Re: [PATCH] dax/hmem: Fix refcount leak in dax_hmem_probe()

From: Dan Williams
Date: Sat Jun 03 2023 - 00:12:06 EST


Paul Cassella wrote:
> On Fri, 2 Jun 2023, Ira Weiny wrote:
> > Paul Cassella wrote:
> > > On Sat, 3 Dec 2022, Ira Weiny wrote:
> > > > On Sat, Dec 03, 2022 at 09:58:58AM +0000, Yongqiang Liu wrote:
>
> > > > > We should always call dax_region_put() whenever devm_create_dev_dax()
> > > > > succeed or fail to avoid refcount leak of dax_region. Move the return
> > > > > value check after dax_region_put().
>
> > > > I think dax_region_put is called from dax_region_unregister() automatically on
> > > > tear down.
>
> > > Note the reference dax_region_unregister() will be putting is the one
> > > devm_create_dev_dax() takes by kref_get(&dax_region->kref). I think
> > > dax_hmem_probe() needs to put its reference in the error case, as in the
> > > successful case.
>
> > Looking at this again I'm inclined to agree that something is wrong. But
> > I'm not sure this patch fixes it. anything.
>
> > When you say:
> >
> > > ... I think
> > > dax_hmem_probe() needs to put its reference in the error case, as in the
> > > successful case.
> >
> > ... which kref_get() is dax_hmem_probe() letting go?
>
> Isn't it letting go of the initial kref_init() reference from
> alloc_dax_region()?
>
> Sorry, I had gone through the code a little carelessly yesterday. Now I
> think that kref_init() reference is the one that dax_hmem_probe() is
> dropping in the success case, and which still needs to be dropped in the
> error case.
>
> (If so, I think the alloc_dax_region() path that returns NULL on
> devm_add_action_or_reset() failure, releasing the kref_get reference, will
> leak the kref_init reference and the region.)

Yes, *this* one looks valid. All the other patches in this thread had me
asking, "um, did you try it?".

Now, that said, the games that this init path is playing are hard to
follow and it should not be the case that alloc_dax_region() needs to
hold a reference on behalf of some future code path that might need it.

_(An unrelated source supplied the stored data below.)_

(* Let $n\ge r\ge1$, let $\mathcal{O}\subset\mathbb{R}^{n\times r}$ be open with ${\rm St}(n,r)\subset\mathcal{O}$, let $f:\mathcal{O}\to\mathbb{R}$ be continuously differentiable, and consider (P): $\min_{X\in\mathcal{S}_{+}^{n,r}}f(X)$. Fix $\gamma>0$. Suppose that every global (respectively, local) minimizer of (P) has no zero rows when $n>r>1$, and that for every global (respectively, local) minimizer $X^*$ of (P) there exist $\delta'>0$ and $L'>0$ such that for all $X\in{\rm St}(n,r)$ with $\|X-X^*\|_F\le\delta'$ and all $\overline{X}\in{\rm Proj}_{\mathcal{S}_{+}^{n,r}}(X)$, \[ f(X)-f(\overline{X})\ge -L'\|X-\overline{X}\|_F^2. \] Then for every global (respectively, local) minimizer $X^*$ of (P): 1. if $n=r$ or $n>r=1$, with $\kappa'>0$ a constant such that ${\rm dist}(Z,\mathcal{S}_{+}^{n,r})\le\kappa'{\rm dist}(Z,\mathbb{R}_{+}^{n\times r})$ for all $Z\in{\rm St}(n,r)$, there exists $\delta>0$ such that for all $X\in{\rm St}(n,r)$ with $\|X-X^*\|_F\le\delta$, $f(X)-f(X^* )+2\gamma(\kappa')^2L'\,e_\gamma\vartheta(X)\ge0$; 2. if $n>r>1$, with $\kappa:=\frac{2.1\sqrt{r}[1+3r(n-r)]}{X^*_{i^*j^*}}$ ($X^*_{i^*j^*}$ the smallest nonzero entry of $X^*$), there exists $\delta>0$ such that for all $\epsilon\ge0$ and all $X\in\mathcal{G}_\epsilon:=\{X\in{\rm St}(n,r): e_\gamma\vartheta(X)=\epsilon\}$ with $\|X-X^*\|_F\le\delta$, $f(X)-f(X^* )+2\gamma\kappa^2L'\,e_\gamma\vartheta(X)\ge0$. Consequently, there exists $\widehat{\rho}>0$ such that for every $\rho\ge\widehat{\rho}$ the problem $\min_{X\in{\rm St}(n,r)}\{f(X)+\rho\, e_\gamma\vartheta(X)\}$ has the same set of global optimal solutions as (P).
   Context: ${\rm St}(n,r):=\{X\in\mathbb{R}^{n\times r}: X^\top X=I_r\}$, $\mathbb{R}_{+}^{n\times r}$ the entrywise nonnegative matrices, $\mathcal{S}_{+}^{n,r}:=\mathbb{R}_{+}^{n\times r}\cap{\rm St}(n,r)$, ${\rm dist}$ the Frobenius-norm distance and ${\rm Proj}_{\Omega}(X)$ the (set of) nearest points of $\Omega$ to $X$ in Frobenius norm. $\vartheta(X):=\sum_{i,j}\max(0,-X_{ij})$, and $e_\gamma\vartheta(X):=\min_{Z\in\mathbb{R}^{n\times r}}\{\frac{1}{2\gamma}\|Z-X\|_F^2+\vartheta(Z)\}$ is its Moreau envelope. *)

From HB Require Import structures.
From mathcomp Require Import all_boot all_order all_algebra.
From mathcomp Require Import all_classical all_reals all_analysis.
Set Implicit Arguments. Unset Strict Implicit. Unset Printing Implicit Defensive.
Import Order.TTheory GRing.Theory Num.Theory.
Import numFieldNormedType.Exports.
Local Open Scope classical_set_scope.
Local Open Scope ring_scope.

Section Defs.
Variables (R : realType) (n r : nat).
Notation M := 'M[R]_(n, r).

Definition frob (X : M) : R := Num.sqrt (\sum_i \sum_j X i j ^+ 2).

Definition Stiefel : set M := [set X | X^T *m X = 1%:M].
Definition Nonneg : set M := [set X | forall i j, 0 <= X i j].
Definition Splus : set M := Nonneg `&` Stiefel.

Definition dist (X : M) (S : set M) : R := inf [set frob (X - Y) | Y in S].

Definition is_proj (S : set M) (X Xbar : M) : Prop :=
  S Xbar /\ forall Y, S Y -> frob (X - Xbar) <= frob (X - Y).

Definition vartheta (X : M) : R := \sum_i \sum_j Num.max 0 (- X i j).

(* Moreau envelope e_gamma vartheta (the min is attained, so inf = min) *)
Definition moreau (gamma : R) (X : M) : R :=
  inf [set (2 * gamma)^-1 * frob (Z - X) ^+ 2 + vartheta Z | Z in [set: M]].

Definition min_nonzero_entry (X : M) : R :=
  inf [set x | exists i j, x = X i j /\ x != 0].

Definition global_min (f : M -> R) (X : M) : Prop :=
  Splus X /\ forall Y, Splus Y -> f X <= f Y.
Definition local_min (f : M -> R) (X : M) : Prop :=
  Splus X /\ exists e : R, 0 < e /\
    forall Y, Splus Y -> frob (Y - X) <= e -> f X <= f Y.

Definition growth_cond (f : M -> R) (Xs : M) (delta' L' : R) : Prop :=
  0 < delta' /\ 0 < L' /\
  forall X Xbar, Stiefel X -> frob (X - Xs) <= delta' -> is_proj Splus X Xbar ->
    f X - f Xbar >= - L' * frob (X - Xbar) ^+ 2.

Definition hyps (ismin : M -> Prop) (f : M -> R) : Prop :=
  ((r < n)%N -> (1 < r)%N -> forall X, ismin X -> forall i, exists j, X i j != 0)
  /\ (forall X, ismin X -> exists delta' L', growth_cond f X delta' L').

Definition concl (ismin : M -> Prop) (f : M -> R) (gamma : R) : Prop :=
  forall Xs, ismin Xs -> forall delta' L', growth_cond f Xs delta' L' ->
  ((n = r \/ ((r < n)%N /\ r = 1%N)) ->
     forall kappa' : R, 0 < kappa' ->
     (forall Z, Stiefel Z -> dist Z Splus <= kappa' * dist Z Nonneg) ->
     exists delta : R, 0 < delta /\ forall X, Stiefel X -> frob (X - Xs) <= delta ->
       f X - f Xs + 2 * gamma * kappa' ^+ 2 * L' * moreau gamma X >= 0)
  /\
  (((r < n)%N /\ (1 < r)%N) ->
     let kappa := (21 / 10) * Num.sqrt (r%:R) * (1 + 3 * (r * (n - r))%N%:R)
                  / min_nonzero_entry Xs in
     exists delta : R, 0 < delta /\ forall eps : R, 0 <= eps ->
       forall X, Stiefel X -> moreau gamma X = eps -> frob (X - Xs) <= delta ->
       f X - f Xs + 2 * gamma * kappa ^+ 2 * L' * moreau gamma X >= 0).

Definition penalty_global_min (f : M -> R) (gamma rho : R) (X : M) : Prop :=
  Stiefel X /\ forall Y, Stiefel Y ->
    f X + rho * moreau gamma X <= f Y + rho * moreau gamma Y.

Definition C1_on (O : set M) (f : M -> R) : Prop :=
  (forall X, O X -> differentiable f X) /\
  (forall i j, {within O, continuous (fun X => 'D_(delta_mx i j) f X)}).

End Defs.

From HB Require Import structures.
From mathcomp Require Import all_boot all_order all_algebra.
From mathcomp Require Import all_classical all_reals all_analysis.
From mathcomp Require Import ring lra zify.
Import Order.TTheory GRing.Theory Num.Theory.
Import numFieldNormedType.Exports.
Local Open Scope classical_set_scope.
Local Open Scope ring_scope.

Set Implicit Arguments. Unset Strict Implicit. Unset Printing Implicit Defensive.

(* Everything rests on local error bounds dist(X, S_+) <= K |X_-| for X in St(n,r)
   near a minimizer X*, where X_- is the entrywise negative part.  Near S_+ one has
   |X_-|^2 <= 2 gamma e_gamma(X), so the growth condition at a projection Xbar of X
   gives f X >= f Xbar - L' dist(X, S_+)^2 >= f X* - 2 gamma K^2 L' e_gamma(X).
   When every row of X* is nonzero (n > r > 1, or n = r), each row has exactly one
   nonzero entry; renormalising the columns of the on-support part of X yields a
   point of S_+ within (9/8) |off-support part| of X, and expanding the Stiefel
   identity |X 1|^2 = |X|^2 row by row bounds the off-support part by
   4 |X_-|_1 / X*_{i*j*}.  For r = 1 the renormalised positive part does the job.
   Exactness of the penalty follows by covering the compact St(n,r): near a global
   minimizer use the inequality above, near other feasible points continuity of f,
   and near infeasible points the positive lower bound on e_gamma. *)

Section RealFacts.
Variable R : realDomainType.

Lemma ler_term_sum (I : finType) (F : I -> R) i0 :
  (forall i, 0 <= F i) -> F i0 <= \sum_i F i.
Proof. by move=> F0; rewrite (bigD1 i0) //= lerDl sumr_ge0. Qed.

Lemma sum_sqr_le_sqr_sum (I : Type) (s : seq I) (c : I -> R) :
  (forall i, 0 <= c i) -> \sum_(i <- s) c i ^+ 2 <= (\sum_(i <- s) c i) ^+ 2.
Proof.
move=> c0; elim: s => [|a s IH]; first by rewrite !big_nil expr0n.
rewrite !big_cons sqrrD.
have : 0 <= c a * \sum_(i <- s) c i by rewrite mulr_ge0 // sumr_ge0.
have := c0 a; lra.
Qed.

Lemma max0N_eq0 (x : R) : 0 <= x -> Num.max 0 (- x) = 0.
Proof. by move=> x0; apply/max_idPl; rewrite oppr_le0. Qed.

Lemma max0N_eqN (x : R) : x <= 0 -> Num.max 0 (- x) = - x.
Proof. by move=> x0; apply/max_idPr; rewrite oppr_ge0. Qed.

Lemma max0N_ge0 (x : R) : 0 <= Num.max 0 (- x).
Proof. by rewrite le_max lexx. Qed.

End RealFacts.

Section Frobenius.
Variables (R : realType) (n r : nat).
Implicit Types (A B X Y : 'M[R]_(n, r)).

Definition frob2 X : R := \sum_i \sum_j X i j ^+ 2.
Definition mxdot A B : R := \sum_i \sum_j A i j * B i j.
Definition l1norm X : R := \sum_i \sum_j `|X i j|.

Lemma frob2_ge0 X : 0 <= frob2 X.
Proof. by apply: sumr_ge0 => i _; apply: sumr_ge0 => j _; exact: sqr_ge0. Qed.

Lemma frobE X : frob X = Num.sqrt (frob2 X). Proof. by []. Qed.

Lemma frob_ge0 X : 0 <= frob X. Proof. exact: sqrtr_ge0. Qed.

Lemma sqr_frob X : frob X ^+ 2 = frob2 X.
Proof. by rewrite sqr_sqrtr // frob2_ge0. Qed.

Lemma frob2D A B : frob2 (A + B) = frob2 A + 2 * mxdot A B + frob2 B.
Proof.
rewrite /frob2 /mxdot mulr_sumr -!big_split; apply: eq_bigr => i _.
rewrite mulr_sumr -!big_split; apply: eq_bigr => j _; rewrite !mxE /=; ring.
Qed.

Lemma frob2Z t B : frob2 (t *: B) = t ^+ 2 * frob2 B.
Proof.
rewrite /frob2 mulr_sumr; apply: eq_bigr => i _.
rewrite mulr_sumr; apply: eq_bigr => j _; rewrite !mxE; ring.
Qed.

Lemma mxdotZr t A B : mxdot A (t *: B) = t * mxdot A B.
Proof.
rewrite /mxdot mulr_sumr; apply: eq_bigr => i _.
rewrite mulr_sumr; apply: eq_bigr => j _; rewrite !mxE; ring.
Qed.

Lemma mxdot0r A : mxdot A 0 = 0.
Proof. by apply: big1 => i _; apply: big1 => j _; rewrite mxE mulr0. Qed.

Lemma frob2_eq0 X : frob2 X = 0 -> X = 0.
Proof.
move=> X0; apply/matrixP => i j; rewrite mxE.
have rowi := psumr_eq0P (fun i _ => sumr_ge0 _ (fun j _ => sqr_ge0 (X i j))) X0 (i := i) isT.
by apply/eqP; rewrite -sqrf_eq0; apply/eqP/(psumr_eq0P _ rowi) => // k _; exact: sqr_ge0.
Qed.

Lemma mxdot_sqr_le A B : mxdot A B ^+ 2 <= frob2 A * frob2 B.
Proof.
have [B0|B0] := eqVneq (frob2 B) 0.
  by rewrite (frob2_eq0 B0) mxdot0r expr0n /= mulr_ge0 // frob2_ge0.
have Bpos : 0 < frob2 B by rewrite lt0r B0 frob2_ge0.
have := frob2_ge0 (A + (- (mxdot A B / frob2 B)) *: B).
rewrite frob2D frob2Z mxdotZr.
have -> : frob2 A + 2 * (- (mxdot A B / frob2 B) * mxdot A B) +
    (- (mxdot A B / frob2 B)) ^+ 2 * frob2 B = frob2 A - mxdot A B ^+ 2 / frob2 B.
  by field.
by rewrite subr_ge0 ler_pdivrMr.
Qed.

Lets make this clearer by moving the reference count management closer
to the object that needs it dax_region->ida. Where the extra references
were being taken on behalf of "static" regions just in case they needed
to be reference in dev_dax_release().

I also found a dax_mapping lifetime issue while testing this, so I
appreciate the focus here.